* [Assignment]
With the line that contains "have l1' : 0 <= 1 - l by rewrite subr_ge0." as the final line, return every line from the start of the data below exactly.

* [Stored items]
• • • • •
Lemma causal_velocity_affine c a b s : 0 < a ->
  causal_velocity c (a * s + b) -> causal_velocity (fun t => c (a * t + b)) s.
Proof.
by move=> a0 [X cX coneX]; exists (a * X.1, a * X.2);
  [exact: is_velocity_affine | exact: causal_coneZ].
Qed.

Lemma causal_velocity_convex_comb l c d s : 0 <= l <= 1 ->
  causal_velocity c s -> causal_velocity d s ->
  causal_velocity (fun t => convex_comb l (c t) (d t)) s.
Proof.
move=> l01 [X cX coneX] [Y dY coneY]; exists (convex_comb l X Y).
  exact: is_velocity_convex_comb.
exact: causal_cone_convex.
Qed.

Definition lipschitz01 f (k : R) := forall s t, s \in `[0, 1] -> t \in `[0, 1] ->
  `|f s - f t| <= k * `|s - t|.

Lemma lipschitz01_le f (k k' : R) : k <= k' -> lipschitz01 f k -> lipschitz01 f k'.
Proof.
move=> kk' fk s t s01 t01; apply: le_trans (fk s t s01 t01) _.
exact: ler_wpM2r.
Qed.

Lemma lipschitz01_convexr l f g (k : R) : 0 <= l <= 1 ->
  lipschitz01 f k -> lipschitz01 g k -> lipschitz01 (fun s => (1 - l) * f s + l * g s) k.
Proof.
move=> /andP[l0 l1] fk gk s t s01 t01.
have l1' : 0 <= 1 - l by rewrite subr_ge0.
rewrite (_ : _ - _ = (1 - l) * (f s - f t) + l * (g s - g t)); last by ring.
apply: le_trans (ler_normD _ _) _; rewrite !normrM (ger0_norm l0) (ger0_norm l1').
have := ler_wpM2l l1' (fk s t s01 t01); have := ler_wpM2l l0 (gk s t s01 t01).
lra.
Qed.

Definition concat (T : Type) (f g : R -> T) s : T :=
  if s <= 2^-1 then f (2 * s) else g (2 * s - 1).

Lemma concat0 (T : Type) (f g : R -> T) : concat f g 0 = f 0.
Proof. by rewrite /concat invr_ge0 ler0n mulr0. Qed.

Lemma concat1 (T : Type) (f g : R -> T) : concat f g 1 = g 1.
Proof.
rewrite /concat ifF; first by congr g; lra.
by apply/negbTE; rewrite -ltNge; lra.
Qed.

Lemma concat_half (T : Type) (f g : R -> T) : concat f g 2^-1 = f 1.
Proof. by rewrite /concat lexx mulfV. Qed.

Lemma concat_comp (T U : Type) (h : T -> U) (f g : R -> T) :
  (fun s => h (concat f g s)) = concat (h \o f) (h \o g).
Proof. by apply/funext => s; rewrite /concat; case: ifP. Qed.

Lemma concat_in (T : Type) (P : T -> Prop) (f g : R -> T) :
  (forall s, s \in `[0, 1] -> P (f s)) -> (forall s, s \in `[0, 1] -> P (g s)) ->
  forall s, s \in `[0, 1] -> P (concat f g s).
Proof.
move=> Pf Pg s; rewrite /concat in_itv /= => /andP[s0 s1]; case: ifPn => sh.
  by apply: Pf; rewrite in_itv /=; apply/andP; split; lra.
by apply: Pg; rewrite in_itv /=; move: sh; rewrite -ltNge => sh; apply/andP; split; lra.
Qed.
• • • • •
* [Answer section]
Lemma causal_velocity_affine c a b s : 0 < a ->
  causal_velocity c (a * s + b) -> causal_velocity (fun t => c (a * t + b)) s.
Proof.
by move=> a0 [X cX coneX]; exists (a * X.1, a * X.2);
  [exact: is_velocity_affine | exact: causal_coneZ].
Qed.

Lemma causal_velocity_convex_comb l c d s : 0 <= l <= 1 ->
  causal_velocity c s -> causal_velocity d s ->
  causal_velocity (fun t => convex_comb l (c t) (d t)) s.
Proof.
move=> l01 [X cX coneX] [Y dY coneY]; exists (convex_comb l X Y).
  exact: is_velocity_convex_comb.
exact: causal_cone_convex.
Qed.

Definition lipschitz01 f (k : R) := forall s t, s \in `[0, 1] -> t \in `[0, 1] ->
  `|f s - f t| <= k * `|s - t|.

Lemma lipschitz01_le f (k k' : R) : k <= k' -> lipschitz01 f k -> lipschitz01 f k'.
Proof.
move=> kk' fk s t s01 t01; apply: le_trans (fk s t s01 t01) _.
exact: ler_wpM2r.
Qed.

Lemma lipschitz01_convexr l f g (k : R) : 0 <= l <= 1 ->
  lipschitz01 f k -> lipschitz01 g k -> lipschitz01 (fun s => (1 - l) * f s + l * g s) k.
Proof.
move=> /andP[l0 l1] fk gk s t s01 t01.
have l1' : 0 <= 1 - l by rewrite subr_ge0.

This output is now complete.